Sekijima M, Tsutsumi T, Yoshida T, Harada T, Tashiro F, Chen G, Yu S Z, Ueno Y
Department of Toxicology and Microbial Chemistry, Faculty of Pharmaceutical Sciences, Science University of Tokyo, Japan.
Carcinogenesis. 1999 Jan;20(1):161-5. doi: 10.1093/carcin/20.1.161.

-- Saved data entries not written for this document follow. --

(* Let $\Gamma$ be a 3-colex and $c\in\{r,b,g,y\}$. The 3-cells of the minor complex $\Gamma^{*\setminus c}$ can be indexed by the $c$-vertices of $\Gamma^*$, the 3-cell $\nu_v$ indexed by the $c$-vertex $v$ being formed by merging all tetrahedra of $\Gamma^*$ incident on $v$; and the boundary of $\nu_v$ is the mod-2 sum of the $c$-faces of the tetrahedra incident on $v$: $\partial(\nu_v)=\sum_{\nu:\,v\in\nu}f^c_{\ni\nu}$.
   Context: Colors are $\{r,b,g,y\}$. A 3-colex $\Gamma$ is a 3-dimensional cell complex without boundary in which every vertex is 4-valent and lies in exactly four 3-cells, and whose 3-cells are properly 4-colored: every face lies in exactly two 3-cells, which have different colors. The dual complex $\Gamma^*$ has an $i$-cell for every $(3-i)$-cell of $\Gamma$, with incidences reversed; every 3-cell of $\Gamma^*$ is a tetrahedron. A vertex of $\Gamma^*$ is given the color of the corresponding 3-cell of $\Gamma$, so the four vertices of each tetrahedron have distinct colors. A face of $\Gamma^*$ is a $c$-face if none of its vertices has color $c$; each tetrahedron $\nu$ has a unique $c$-face, denoted $f^c_{\ni\nu}$. The minor complex $\Gamma^{*\setminus c}$ is obtained from $\Gamma^*$ by deleting all vertices of color $c$ together with all edges and faces incident to them; its 3-cells are the regions formed by merging tetrahedra of $\Gamma^*$ that are no longer separated by a remaining face. *)

From HB Require Import structures.
From mathcomp Require Import all_boot.
Set Implicit Arguments. Unset Strict Implicit. Unset Printing Implicit Defensive.

(* The four colours {r,b,g,y}, encoded as r = 0, b = 1, g = 2, y = 3. *)
Definition color := 'I_4.

Record complex3 := Complex3 {
  vtx : finType;
  edg : finType;
  fac : finType;
  cel : finType;
  ends : edg -> {set vtx};
  fedges : fac -> {set edg};
  cfaces : cel -> {set fac};
  ccol : cel -> color
}.

Section Incidence.
Variable G : complex3.

Definition edges_at (u : vtx G) : {set edg G} := [set e | u \in ends e].
Definition face_vertices (f : fac G) : {set vtx G} :=
  \bigcup_(e in fedges f) ends e.
Definition cell_edges (C : cel G) : {set edg G} :=
  \bigcup_(f in cfaces C) fedges f.
Definition cell_vertices (C : cel G) : {set vtx G} :=
  \bigcup_(e in cell_edges C) ends e.
Definition cells_at (u : vtx G) : {set cel G} := [set C | u \in cell_vertices C].
Definition cells_of_face (f : fac G) : {set cel G} := [set C | f \in cfaces C].
Definition cell_adj (C : cel G) : rel (vtx G) :=
  fun u w => [exists e, [&& e \in cell_edges C, u \in ends e & w \in ends e]].

(* 3-colex axioms.  The first five are the paper's definition; the
   "cell complex" axioms are combinatorial consequences of Gamma being a
   (3-manifold) cell complex whose cells are balls. *)
Record is_colex3 : Prop := IsColex3 {
  cx_edge : forall e : edg G, #|ends e| = 2;
  cx_valence : forall u : vtx G, #|edges_at u| = 4;
  cx_four_cells : forall u : vtx G, #|cells_at u| = 4;
  (* no boundary: every face lies in exactly two 3-cells ... *)
  cx_face_two : forall f : fac G, #|cells_of_face f| = 2;
  cx_face_col : forall (f : fac G) (C1 C2 : cel G),
      f \in cfaces C1 -> f \in cfaces C2 -> C1 != C2 -> ccol C1 != ccol C2;
  cx_cell_nonempty : forall C : cel G, cell_vertices C != set0;
  cx_cell_connected : forall (C : cel G) (u w : vtx G),
      u \in cell_vertices C -> w \in cell_vertices C -> connect (cell_adj C) u w;
  cx_corner : forall (u : vtx G) (C : cel G),
      u \in cell_vertices C -> #|edges_at u :&: cell_edges C| = 3;
  cx_adjacent : forall (u : vtx G) (C1 C2 : cel G),
      u \in cell_vertices C1 -> u \in cell_vertices C2 -> C1 != C2 ->
      exists2 f, f \in cfaces C1 :&: cfaces C2 & u \in face_vertices f
}.

(* ---- The dual complex Gamma^* ----
   vertex of Gamma^*  <-> 3-cell C of Gamma (coloured ccol C)
   tetrahedron        <-> vertex u of Gamma; its vertices are cells_at u
   face of Gamma^*    <-> edge e of Gamma; its vertices are the 3-cells
                          containing e; the faces of the tetrahedron u are the
                          duals of the edges at u. *)
Definition dual_face_vertices (e : edg G) : {set cel G} :=
  [set C | e \in cell_edges C].

Definition is_cface (c : color) (e : edg G) : bool :=
  [forall C in dual_face_vertices e, ccol C != c].

(* the c-faces of the tetrahedron u (the paper: there is exactly one,
   f^c_{\ni u}) *)
Definition cfaces_of_tet (c : color) (u : vtx G) : {set edg G} :=
  [set e in edges_at u | is_cface c e].

Definition tets_at (C : cel G) : {set vtx G} := cell_vertices C.

(* ---- The minor complex Gamma^{*\c} ----
   After deleting the c-vertices and the faces incident on them, the
   remaining faces are exactly the c-faces.  Two tetrahedra are merged when
   they share a face that has been deleted. *)
Definition merge_rel (c : color) : rel (vtx G) :=
  fun u w => [exists e, [&& u \in ends e, w \in ends e & ~~ is_cface c e]].

Definition minor_cell (c : color) (u : vtx G) : {set vtx G} :=
  [set w | connect (merge_rel c) u w].

Definition minor_cells (c : color) : {set {set vtx G}} :=
  [set minor_cell c u | u : vtx G].

(* mod-2 boundary of a region K (set of tetrahedra) of Gamma^*: the mod-2 sum
   of the boundaries of its tetrahedra, as a Z/2-chain on faces (= edges of
   Gamma), coefficient of face e *)
Definition bdry (K : {set vtx G}) (e : edg G) : bool :=
  \big[addb/false]_(u in K) (e \in edges_at u).

End Incidence.

(* At a vertex u of a 3-colex the four 3-cells through u have pairwise
   distinct colours (any two of them meet along a face, and adjacent cells are
   coloured differently), so there is exactly one cell of each colour at u.
   Hence a tetrahedron u of the dual has exactly one c-vertex C, and two
   tetrahedra sharing a non-c-face share a c-vertex, which must then be the
   same C: merging along deleted faces never leaves the tetrahedra around C,
   and by connectedness of the 1-skeleton of C it reaches all of them.  For
   the boundary, a face (dual edge e) that is not a c-face lies in the unique
   c-cell at its endpoints, so both or none of its two tetrahedra are around
   C and it cancels mod 2; c-faces are counted identically on both sides. *)
From mathcomp Require Import all_boot.
Set Implicit Arguments. Unset Strict Implicit. Unset Printing Implicit Defensive.

Lemma big_addb_odd_card (T : finType) (A : {pred T}) (P : pred T) :
  \big[addb/false]_(i in A) P i = odd #|[set i in A | P i]|.
Proof.
rewrite -sum1dep_card big_mkcondr /= (big_morph odd oddD erefl).
by apply: eq_bigr => i _; case: (P i).
Qed.

Lemma big_addb_eq (T : finType) (A : {pred T}) (x : T) :
  \big[addb/false]_(i in A) (i == x) = (x \in A).
Proof.
case: (boolP (x \in A)) => hx.
- by rewrite (bigD1 x) //= eqxx big1 // => i /andP [_ /negbTE].
- by rewrite big1 // => i hi; apply: contraNF hx => /eqP <-.
Qed.

Section Colex.
Variable G : complex3.

Lemma bdry_odd (K : {set vtx G}) (e : edg G) : bdry K e = odd #|K :&: ends e|.
Proof.
rewrite /bdry big_addb_odd_card; congr (odd _); apply: eq_card => u.
by rewrite !inE.
Qed.

Lemma mem_cell_vertices (C : cel G) (e : edg G) (u : vtx G) :
  e \in cell_edges C -> u \in ends e -> u \in cell_vertices C.
Proof. by move=> he hu; apply/bigcupP; exists e. Qed.

Lemma is_cfacePn (c : color) (e : edg G) :
  reflect (exists2 D, e \in cell_edges D & ccol D = c) (~~ is_cface c e).
Proof.
rewrite /is_cface negb_forall; apply: (iffP existsP) => [[D]|[D hD hDc]].
- by rewrite negb_imply negbK inE => /andP [hD /eqP hDc]; exists D.
- by exists D; rewrite inE hD hDc eqxx.
Qed.

Hypothesis HG : is_colex3 G.

Lemma cells_at_col_inj (u : vtx G) (C1 C2 : cel G) :
  u \in cell_vertices C1 -> u \in cell_vertices C2 -> ccol C1 = ccol C2 -> C1 = C2.
Proof.
move=> h1 h2 hc; apply/eqP; apply/negPn/negP => hne.
have [f /setIP [f1 f2] _] := cx_adjacent HG h1 h2 hne.
by move: (cx_face_col HG f1 f2 hne); rewrite hc eqxx.
Qed.

Lemma cells_at_col_surj (u : vtx G) (c : color) :
  exists2 C, u \in cell_vertices C & ccol C = c.
Proof.
have col_inj : {in cells_at u &, injective (@ccol G)}.
  by move=> C1 C2; rewrite !inE; apply: cells_at_col_inj.
have : (@ccol G) @: cells_at u = [set: color].
  apply/eqP; rewrite eqEcard subsetT cardsT card_ord.
  by rewrite card_in_imset // (cx_four_cells HG).
move/setP => /(_ c); rewrite inE => /imsetP [C hC ->].
by exists C; rewrite // inE in hC.
Qed.

Lemma tets_at_inj (c : color) :
  {in [set C : cel G | ccol C == c] &, injective (@tets_at G)}.
Proof.
move=> C1 C2; rewrite !inE => /eqP h1 /eqP h2 heq.
have /set0Pn [u hu] := cx_cell_nonempty HG C1.
apply: (cells_at_col_inj hu); last by rewrite h1 h2.
by rewrite -/(tets_at C2) -heq.
Qed.

Lemma minor_cellE (c : color) (u : vtx G) (C : cel G) :
  u \in cell_vertices C -> ccol C = c -> minor_cell c u = tets_at C.
Proof.
move=> hu hc; apply/setP => w; rewrite inE; apply/idP/idP.
- case/connectP => p pth ->.
  elim: p u hu pth => [|x p IH] v hv //= /andP [/existsP [e] hm hp].
  apply: IH hp; case/and3P: hm => hve hxe /is_cfacePn [D hD hDc].
  have <- : D = C by apply: cells_at_col_inj (mem_cell_vertices hD hve) hv _; rewrite hDc.
  exact: mem_cell_vertices hD hxe.
- move=> hw; apply: connect_sub (cx_cell_connected HG hu hw).
  move=> x y /existsP [e /and3P [he hx hy]]; apply/connect1/existsP; exists e.
  by rewrite hx hy; apply/is_cfacePn; exists C.
Qed.

Lemma minor_cellsE (c : color) :
  minor_cells G c = [set tets_at C | C in [set C : cel G | ccol C == c]].
Proof.
apply/setP => K; apply/imsetP/imsetP => [[u _ ->]|[C]].
- have [C hu hc] := cells_at_col_surj u c.
  by exists C; rewrite ?inE ?hc // (minor_cellE hu hc).
- rewrite inE => /eqP hc ->.
  have /set0Pn [u hu] := cx_cell_nonempty HG C.
  by exists u; rewrite // (minor_cellE hu hc).
Qed.

Lemma bdry_tets_at_cell_edge (C : cel G) (e : edg G) :
  e \in cell_edges C -> bdry (tets_at C) e = false.
Proof.
move=> he; rewrite bdry_odd (setIidPr _) ?(cx_edge HG) //.
by apply/subsetP => u; apply: mem_cell_vertices.
Qed.

Lemma bdry_tets_at_not_cface (c : color) (C : cel G) (e : edg G) :
  ccol C = c -> ~~ is_cface c e -> bdry (tets_at C) e = false.
Proof.
move=> hc /is_cfacePn [D hD hDc].
have [<-|hDC] := eqVneq D C; first exact: bdry_tets_at_cell_edge.
rewrite bdry_odd (_ : _ :&: _ = set0) ?cards0 //.
apply/setP => u; rewrite !inE; apply/negbTE/andP => -[hu hue].
by case/eqP: hDC; apply: cells_at_col_inj (mem_cell_vertices hD hue) hu _; rewrite hDc.
Qed.

End Colex.

Theorem lemma3 (G : complex3) (HG : is_colex3 G) (c : color) :
  (* the 3-cells of the minor complex are exactly the regions nu_v obtained by
     merging all tetrahedra incident on a c-vertex v ... *)
  minor_cells G c = [set tets_at C | C in [set C : cel G | ccol C == c]]
  (* ... and distinct c-vertices index distinct 3-cells *)
  /\ {in [set C : cel G | ccol C == c] &, injective (@tets_at G)}
  (* boundary: d(nu_v) = sum over tetrahedra nu incident on v of f^c_{\ni nu} *)
  /\ (forall C : cel G, ccol C = c ->
        forall e : edg G,
          bdry (tets_at C) e =
          \big[addb/false]_(u in tets_at C)
             \big[addb/false]_(f in cfaces_of_tet c u) (f == e)).
Proof.
split; [exact: minor_cellsE | split; first exact: tets_at_inj].
move=> C hc e; under eq_bigr do rewrite big_addb_eq inE.
case: (boolP (is_cface c e)) => hce.
- by apply: eq_bigr => u _; rewrite andbT.
- by rewrite (bdry_tets_at_not_cface HG hc hce) big1 // => u _; rewrite andbF.
Qed.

The objective of this study was to elucidate whether microcystin-LR (MC-LR), a hepatotoxic blue-green algal toxin in drinking water, is carcinogenic or possesses the ability to modulate aflatoxin B1 (AFB1)-induced hepatocarcinogenicity. In a medium-term liver bioassay, male Fischer 344 rats were given a single i.p. injection of diethylnitrosamine (DEN, 200 mg/kg) followed by an i.p. injection of MC-LR for 6 weeks after 2 weeks of DEN treatment. To study the synergism between AFB1 and MC-LR, DEN-treated rats were given an i.p. injection of AFB1 (0.5 mg/kg) dissolved in dimethyl sulfoxide (DMSO) followed by MC-LR at 2 weeks after the treatment. In a separate experiment, the rats were first given AFB1 (0.5 mg/kg) and 2 weeks later an i.p. injection of 1 or 10 microg/kg of MC-LR twice a week for 6 weeks. Most rats were subjected to a two-thirds partial hepatectomy (PH) at week 3 and were killed under anesthesia at week 8. Liver sections were analyzed for glutathione S-transferase placental form (GST-P) expression, and subjected to histopathological examination for phenotypic alteration of hepatocellular foci. In rats that did not receive DEN, MC-LR did not cause a significant increase in the numbers of GST-P-positive foci, whereas AFB1 induced a slight increase in GST-P-positive foci development. In rats given DEN, MC-LR enhanced the expression of GST-P-positive foci, as did AFB1 but no synergism was observed. Histopathological analysis revealed that the area of eosinophilic foci, a biomarker for preneoplastic liver lesion, markedly increased because of MC-LR. In rats given AFB1 as an initiator, treatment with MC-LR resulted in a synergistic increase in the development of GST-P-positive foci. These results suggest that the hepatocarcinogenicities of MC-LR and AFB1 can be predicted in experimental animals with a medium-term bioassay. Furthermore, tumor promoting activity of MC-LR was demonstrated in rats treated with AFB1.
本研究的目的是阐明饮用水中的肝毒性蓝藻毒素微囊藻毒素-LR(MC-LR)是否具有致癌性或是否具备调节黄曲霉毒素B1(AFB1)诱导的肝癌发生的能力。在一项中期肝脏生物测定中,雄性Fischer 344大鼠腹腔注射一次二乙基亚硝胺(DEN,200 mg/kg),在DEN处理2周后腹腔注射MC-LR,持续6周。为研究AFB1与MC-LR之间的协同作用,给经DEN处理的大鼠腹腔注射溶解于二甲基亚砜(DMSO)的AFB1(0.5 mg/kg),处理后2周再注射MC-LR。在另一项实验中,先给大鼠注射AFB1(0.5 mg/kg),2周后每周两次腹腔注射1或10 μg/kg的MC-LR,持续6周。大多数大鼠在第3周接受了三分之二部分肝切除术(PH),并在第8周麻醉下处死。分析肝切片中谷胱甘肽S-转移酶胎盘型(GST-P)的表达,并进行组织病理学检查以观察肝细胞灶的表型改变。在未接受DEN的大鼠中,MC-LR未导致GST-P阳性灶数量显著增加,而AFB1使GST-P阳性灶形成略有增加。在给予DEN的大鼠中,MC-LR增强了GST-P阳性灶的表达,AFB1也有同样作用,但未观察到协同作用。组织病理学分析显示,作为癌前肝脏病变生物标志物的嗜酸性灶面积因MC-LR而显著增加。在用AFB1作为启动剂的大鼠中,MC-LR处理导致GST-P阳性灶形成协同增加。这些结果表明,通过中期生物测定可在实验动物中预测MC-LR和AFB1的肝癌发生情况。此外,在接受AFB1处理的大鼠中证实了MC-LR的促肿瘤活性。